Again, what it sounds like. The
idea is that modern people would like to be flung high into the
air, alive, by a device that medieval folks used to fling large
dead animals at other people whom they didn't like. I'm not kidding.
It's patented. For more on flinging things, see the Archvillain
Trebuchet Page.
"A kit for synthesizing a
scent substantially similar to that produced in the anal glands
of skunks is provided..." Don't all jump up at once.
US6004596: Sealed crustless sandwich
"The upper and lower fillings are preferably comprised of peanut butter and the center filling is comprised of at least jelly". It's a patent on a PB&J.
A method for keeping a satellite correctly oriented while in orbit. The thing is, this, evidently, only works if the force of gravity is a PUSH, as claimed by its inventor, Maurice Mitchell. The word PUSH appears in capital letters throughout the text of the patent, in case we miss the point. The concept has somewhat of a colorful following; see these:
Gravity
is a Push, the web page
of the patent.
Does
Gravity Push, or does Gravity Pull? Best viewed only by the
colorblind
Wright's
Push Gravity Gravity emanates
from the Sun and pushes things to earth
I think the last one is Mr. "I can do tricks with magnets so I must be right about gravity" who has been on Space News from time to time.
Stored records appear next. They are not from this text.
(* Let $n\ge 2$ and let $G$ be a graph on $2n+1$ vertices with at least $n^2+n$ edges that contains no two distinct vertices of the same degree joined by a path of length three. Let $\beta$ be the largest integer such that $G$ contains two distinct vertices of degree $\beta$. Then $\beta\ge 3$.
   Context: A path of length three joining vertices $a$ and $b$ is a path $a\,x\,y\,b$ with four distinct vertices and three edges. Graphs are finite and simple. *)

From mathcomp Require Import all_boot.
Set Implicit Arguments. Unset Strict Implicit. Unset Printing Implicit Defensive.

Definition simple_graph (T : finType) (e : rel T) : Prop :=
  irreflexive e /\ symmetric e.

Definition edges (T : finType) (e : rel T) : {set {set T}} :=
  [set [set x; y] | x in T, y in T & e x y].

Definition deg (T : finType) (e : rel T) (x : T) : nat := #|[set y | e x y]|.

Definition path3 (T : finType) (e : rel T) (a b : T) : Prop :=
  exists x y : T,
    uniq [:: a; x; y; b] /\ e a x /\ e x y /\ e y b.

Definition repeated_degree (T : finType) (e : rel T) (k : nat) : Prop :=
  exists u v : T, u != v /\ deg e u = k /\ deg e v = k.

From mathcomp Require Import all_boot zify.

Set Implicit Arguments.
Unset Strict Implicit.
Unset Printing Implicit Defensive.

(* If beta <= 2, all degrees >= 3 are distinct, so the degree sum, at least
   2n^2 + 2n by the edge bound, is at most a constant per vertex plus a sum
   of distinct values, i.e. a binomial coefficient.  Without a vertex v of
   degree 2n this already fails.  With one, two vertices a, b of equal degree
   have no neighbour outside {v, a, b}, since otherwise a x v b would be a
   path of length three; hence at most two vertices have degree 2, and if two
   do, they see only each other and v, which forbids degree 2n - 1.  In both
   cases the count again falls short of 2n^2 + 2n. *)

Lemma sum_uniq_leq_bin2 (s : seq nat) m :
  uniq s -> (forall j, j \in s -> j < m) -> \sum_(j <- s) j <= 'C(m, 2).
Proof.
move=> s_uniq s_lt; rewrite -bin2_sum /index_iota subn0.
apply: uniq_sub_le_big => //; [move=> *; exact: leq_addr | exact: iota_uniq |].
by move=> j /s_lt; rewrite mem_iota.
Qed.

Lemma sum_inj_leq_bin2 (T : finType) (P : {pred T}) (g : T -> nat)
    (r : seq nat) m :
  uniq r -> {in P &, injective g} -> (forall j, j \in r -> j < m) ->
  (forall x, x \in P -> g x < m /\ g x \notin r) ->
  \sum_(j <- r) j + \sum_(x in P) g x <= 'C(m, 2).
Proof.
move=> r_uniq g_inj r_lt g_lt.
rewrite -(big_image _ _ g P (fun j => j)) -big_cat.
apply: sum_uniq_leq_bin2 => [|j]; last first.
  by rewrite mem_cat => /orP[/r_lt // | /imageP[x /g_lt[gx_lt _] ->]].
rewrite cat_uniq r_uniq map_inj_in_uniq ?enum_uniq; last first.
  by move=> x y; rewrite !mem_enum; exact: g_inj.
by rewrite andbT; apply/hasPn => _ /imageP[x /g_lt[_ ?] ->].
Qed.

Lemma sum_leq_threshold (T : finType) (f : T -> nat) t :
  \sum_x f x <= t * #|T| + \sum_(x | t < f x) (f x - t).
Proof.
rewrite mulnC.
apply: leq_trans (_ : _ <= \sum_x (t + if t < f x then f x - t else 0)) _.
  by apply: leq_sum => x _; case: ltnP; lia.
by rewrite big_split /= sum_nat_const [in X in _ <= X]big_mkcond.
Qed.

Section SimpleGraph.

Variables (T : finType) (e : rel T).
Hypotheses (e_irr : irreflexive e) (e_sym : symmetric e).

Lemma nbhd_subsetC1 x : [set y | e x y] \subset [set~ x].
Proof.
by apply/subsetP => y; rewrite !inE; apply: contraTneq => ->; rewrite e_irr.
Qed.

Lemma deg_ltn_card x : deg e x < #|T|.
Proof.
rewrite (leq_ltn_trans (subset_leq_card (nbhd_subsetC1 x))) // cardsC1.
by rewrite prednK //; apply/card_gt0P; exists x.
Qed.

Lemma handshake_leq : 2 * #|edges e| <= \sum_x deg e x.
Proof.
have card_edge E : E \in edges e -> #|E| = 2.
  case/imset2P => x y _; rewrite inE => exy ->.
  by rewrite cards2; case: eqVneq exy => [->|]; rewrite ?e_irr.
rewrite mulnC -sum_nat_const.
have -> : \sum_(E in edges e) 2 = \sum_(E in edges e) \sum_(x in E) 1.
  by apply: eq_bigr => E /card_edge <-; rewrite sum1_card.
rewrite (exchange_big_dep xpredT) //=; apply: leq_sum => x _.
rewrite sum1_card.
apply: leq_trans (leq_imset_card (fun y => [set x; y]) [set y | e x y]).
apply/subset_leq_card/subsetP => E /andP[/imset2P[a b _]].
rewrite inE => eab -> /set2P[->|->].
  by apply/imsetP; exists b; rewrite ?inE.
by apply/imsetP; exists a; rewrite ?inE 1?e_sym // setUC.
Qed.

Let A := [set x | deg e x == 2].

Section FullVertex.

Variable v : T.
Hypotheses (v_full : deg e v = #|T|.-1) (card_gt4 : 4 < #|T|).
Hypothesis path3_free :
  forall a b, a != b -> deg e a = deg e b -> ~ path3 e a b.

Lemma full_adj y : y != v -> e v y.
Proof.
have nbhd_v : [set y | e v y] = [set~ v].
  by apply/eqP; rewrite eqEcard nbhd_subsetC1 cardsC1 -v_full /=.
by move=> yv; move: (in_setC1 y v); rewrite yv -nbhd_v inE.
Qed.

Lemma twin_nbhd_sub a b :
  a != b -> a != v -> b != v -> deg e a = deg e b ->
  [set y | e a y] \subset [set v; b].
Proof.
move=> ab av bv dab; apply/subsetP => y; rewrite !inE => ay.
apply/negPn/negP => /norP[yv yb]; apply: (path3_free ab dab).
have ya : y != a by apply: contraTneq ay => ->; rewrite e_irr.
exists y, v; rewrite /= !inE !negb_or ab av yv yb (eq_sym a) ya (eq_sym v) bv.
by rewrite ay e_sym !full_adj.
Qed.

Lemma deg2_neq_full a : a \in A -> a != v.
Proof. by rewrite inE; apply: contraTneq => ->; rewrite v_full; lia. Qed.

Lemma deg2_nbhd a b :
  a \in A -> b \in A -> a != b -> [set y | e a y] = [set v; b].
Proof.
move=> Aa Ab ab.
have [da db] : deg e a = 2 /\ deg e b = 2.
  by move: Aa Ab; rewrite !inE => /eqP-> /eqP->.
apply/eqP; rewrite eqEcard twin_nbhd_sub ?deg2_neq_full ?da ?db //=.
by rewrite cards2 eq_sym deg2_neq_full // -/(deg e a) da.
Qed.

Lemma card_deg2_leq2 : #|A| <= 2.
Proof.
have [->|[a Aa]] := set_0Vmem A; first by rewrite cards0.
rewrite (cardsD1 a) Aa add1n ltnS.
have sub : A :\ a \subset [set y | e a y] :\ v.
  apply/subsetP => b; rewrite in_setD1 => /andP[ba Ab].
  by rewrite in_setD1 deg2_neq_full //= (deg2_nbhd Aa Ab) 1?eq_sym // set22.
apply: leq_trans (subset_leq_card sub) _.
have av : e a v by rewrite e_sym full_adj ?deg2_neq_full.
move: (cardsD1 v [set y | e a y]) Aa; rewrite !inE av -/(deg e a) => ->.
by rewrite add1n eqSS => /eqP->.
Qed.

Lemma deg2_nbhd_sub a : a \in A -> 1 < #|A| -> [set y | e a y] \subset v |: A.
Proof.
move=> Aa; rewrite (cardsD1 a) Aa ltnS card_gt0 => /set0Pn[b].
rewrite in_setD1 => /andP[ba Ab]; rewrite (deg2_nbhd Aa Ab) 1?eq_sym //.
by apply/subsetP => y /set2P[->|->]; rewrite in_setU1 ?eqxx ?Ab ?orbT.
Qed.

Lemma deg_neq_card_sub2 w : #|A| = 2 -> deg e w != #|T| - 2.
Proof.
move=> A2; apply/eqP => dw.
have wv : w != v by apply/eqP => wv; move: dw; rewrite wv v_full; lia.
have wA : w \notin A by rewrite inE dw; lia.
have sub : [set y | e w y] \subset [set~ w] :\: A.
  apply/subsetP => y; rewrite inE in_setD in_setC1 => wy; apply/andP; split.
    apply: contraNN wA => Ay; have := subsetP (deg2_nbhd_sub Ay _) w.
    by rewrite A2 inE e_sym wy in_setU1 (negbTE wv) => /(_ isT isT).
  by apply: contraTneq wy => ->; rewrite e_irr.
have AC1 : A \subset [set~ w].
  by apply/subsetP => a Aa; rewrite !inE; apply: contraNneq wA => <-.
move: (subset_leq_card sub); rewrite cardsD (setIidPr AC1) cardsC1 A2.
by rewrite -/(deg e w) dw; lia.
Qed.

End FullVertex.

Section DegreeSums.

Hypothesis deg_inj : {in [pred x | 2 < deg e x] &, injective (deg e)}.

Lemma deg_inj_gt1 (B : {set T}) :
  #|A :&: B| <= 1 ->
  {in B &, forall x y, 1 < deg e x -> deg e x = deg e y -> x = y}.
Proof.
move=> AB_le1 x y Bx By x_gt1 dxy.
have [x_gt2 | x_le2] := ltnP 2 (deg e x).
  by apply: deg_inj; rewrite ?inE -?dxy.
by apply: (card_le1_eqP AB_le1); rewrite in_setI ?Bx ?By inE -?dxy andbT; lia.
Qed.

Lemma sum_deg_no_full :
  (forall x, deg e x != #|T|.-1) ->
  \sum_x deg e x <= 2 * #|T| + 'C(#|T| - 3, 2).
Proof.
move=> no_full; apply: leq_trans (sum_leq_threshold _ 2) _; rewrite leq_add2l.
have := @sum_inj_leq_bin2 _ [pred x | 2 < deg e x] (fun x => deg e x - 2)
  [::] (#|T| - 3).
rewrite big_nil add0n.
apply=> // [x y /[!inE] x_gt2 y_gt2 dxy | x /[!inE] x_gt2].
  by apply: deg_inj; rewrite ?inE //; lia.
by split=> //; have := deg_ltn_card x; have := no_full x; lia.
Qed.

Lemma sum_deg_deg2_leq1 :
  #|A| <= 1 -> \sum_x deg e x <= #|T| + 'C(#|T|.-1, 2).
Proof.
move=> A_le1; apply: leq_trans (sum_leq_threshold _ 1) _.
rewrite mul1n leq_add2l.
have := @sum_inj_leq_bin2 _ [pred x | 1 < deg e x] (fun x => deg e x - 1)
  [::] #|T|.-1.
rewrite big_nil add0n.
apply=> // [x y /[!inE] x_gt1 y_gt1 dxy | x /[!inE] x_gt1].
  by apply: (deg_inj_gt1 (B := setT)); rewrite ?setIT ?inE //; lia.
by split=> //; have := deg_ltn_card x; lia.
Qed.

Lemma sum_deg_deg2_pair :
  #|A| = 2 -> (forall x, deg e x != #|T| - 2) ->
  \sum_x deg e x + (#|T| - 3) <= #|T|.+1 + 'C(#|T|.-1, 2).
Proof.
move=> A2 no_deg; have /cards2P[a [b [_ defA]]] : #|A| == 2 by rewrite A2.
have Ab : b \in A by rewrite defA set22.
have db : deg e b = 2 by move: Ab; rewrite inE => /eqP.
have card_ge2 : 2 <= #|T| by rewrite -A2 max_card.
have A_b : #|A :&: [set~ b]| <= 1.
  by rewrite -setDE; move: (cardsD1 b A); rewrite Ab A2; lia.
have sum_le := sum_leq_threshold (deg e) 1.
(* [/=] also unfolds the coercions inside [#|T|], hiding it from [lia]. *)
rewrite [X in _ <= _ + X](bigD1 b) ?db //= -/#|T| in sum_le.
suff : \sum_(j <- [:: #|T| - 3]) j +
    \sum_(x | (1 < deg e x) && (x != b)) (deg e x - 1) <= 'C(#|T|.-1, 2).
  by rewrite big_cons big_nil addn0; lia.
apply: sum_inj_leq_bin2 => // [x y | j | x].
- move=> /[!unfold_in] /andP[x_gt1 xb] /andP[y_gt1 yb] dxy.
  by apply: (deg_inj_gt1 A_b); rewrite ?inE //; lia.
- by rewrite inE => /eqP->; lia.
rewrite unfold_in inE => /andP[x_gt1 _].
by have := deg_ltn_card x; have := no_deg x; lia.
Qed.

End DegreeSums.

End SimpleGraph.

Theorem lemma2p4 (n : nat) (T : finType) (e : rel T) (beta : nat) :
  2 <= n ->
  simple_graph e ->
  #|T| = 2 * n + 1 ->
  n ^ 2 + n <= #|edges e| ->
  (forall a b : T, a != b -> deg e a = deg e b -> ~ path3 e a b) ->
  repeated_degree e beta ->
  (forall k, repeated_degree e k -> k <= beta) ->
  3 <= beta.
Proof.
move=> n_ge2 [e_irr e_sym] cardT edges_ge path3_free _ beta_max.
rewrite leqNgt; apply/negP => beta_lt3.
have deg_inj : {in [pred x | 2 < deg e x] &, injective (deg e)}.
  move=> x y /[!inE] x_gt2 _ dxy; have [//|xy] := eqVneq x y.
  suff : deg e x <= beta by lia.
  by apply: beta_max; exists x, y.
have deg_sum : 2 * (n ^ 2 + n) <= \sum_x deg e x.
  apply: leq_trans (handshake_leq e_irr e_sym).
  by rewrite leq_mul2l edges_ge orbT.
have [v v_full] : exists v, deg e v = #|T|.-1.
  case: (pickP (fun x => deg e x == #|T|.-1)) => [v /eqP | no_full].
    by exists v.
  have := sum_deg_no_full e_irr deg_inj (fun x => negbT (no_full x)).
  by rewrite cardT bin2; nia.
have card_gt4 : 4 < #|T| by rewrite cardT; lia.
have A_le2 := card_deg2_leq2 e_irr e_sym v_full card_gt4 path3_free.
have [A_le1 | A_gt1] := leqP #|[set x | deg e x == 2]| 1.
  by have := sum_deg_deg2_leq1 e_irr deg_inj A_le1; rewrite cardT bin2; nia.
have A2 : #|[set x | deg e x == 2]| = 2 by lia.
have := deg_neq_card_sub2 e_irr e_sym v_full card_gt4 path3_free _ A2.
move=> /(sum_deg_deg2_pair e_irr deg_inj A2).
by rewrite cardT bin2; nia.
Qed.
While we are in the 'alternative science' zone, here is a vastly entertaining patent application filed in 1990 with the Canadian Intellectual Property Office:
"The 'Cosmic Cube' creates cubical wavefields by an entirely novel method of technology. Working across a time axis, it correctly identifies and cristalizes [sic] all components involved in any project. It is universally applicaable [sic] and quantums the competitive edge of the user. It establishes a mathematically precise cause-effect solution to within .0007% accuracy by the use of 72 interrelated electro-magnetic circuits. These have 144 entree-exit windows which can allow a single or multiple user (individual, group, profession, corporation, village, town, city, province, nation etc.) to plot a precise course of action, and get a full cause-effect diagram, graph, printout, bilan spreadsheet, free of human error, before a project is started. In scale it runs from the simplest maths of 2+2=4 to E=mc3".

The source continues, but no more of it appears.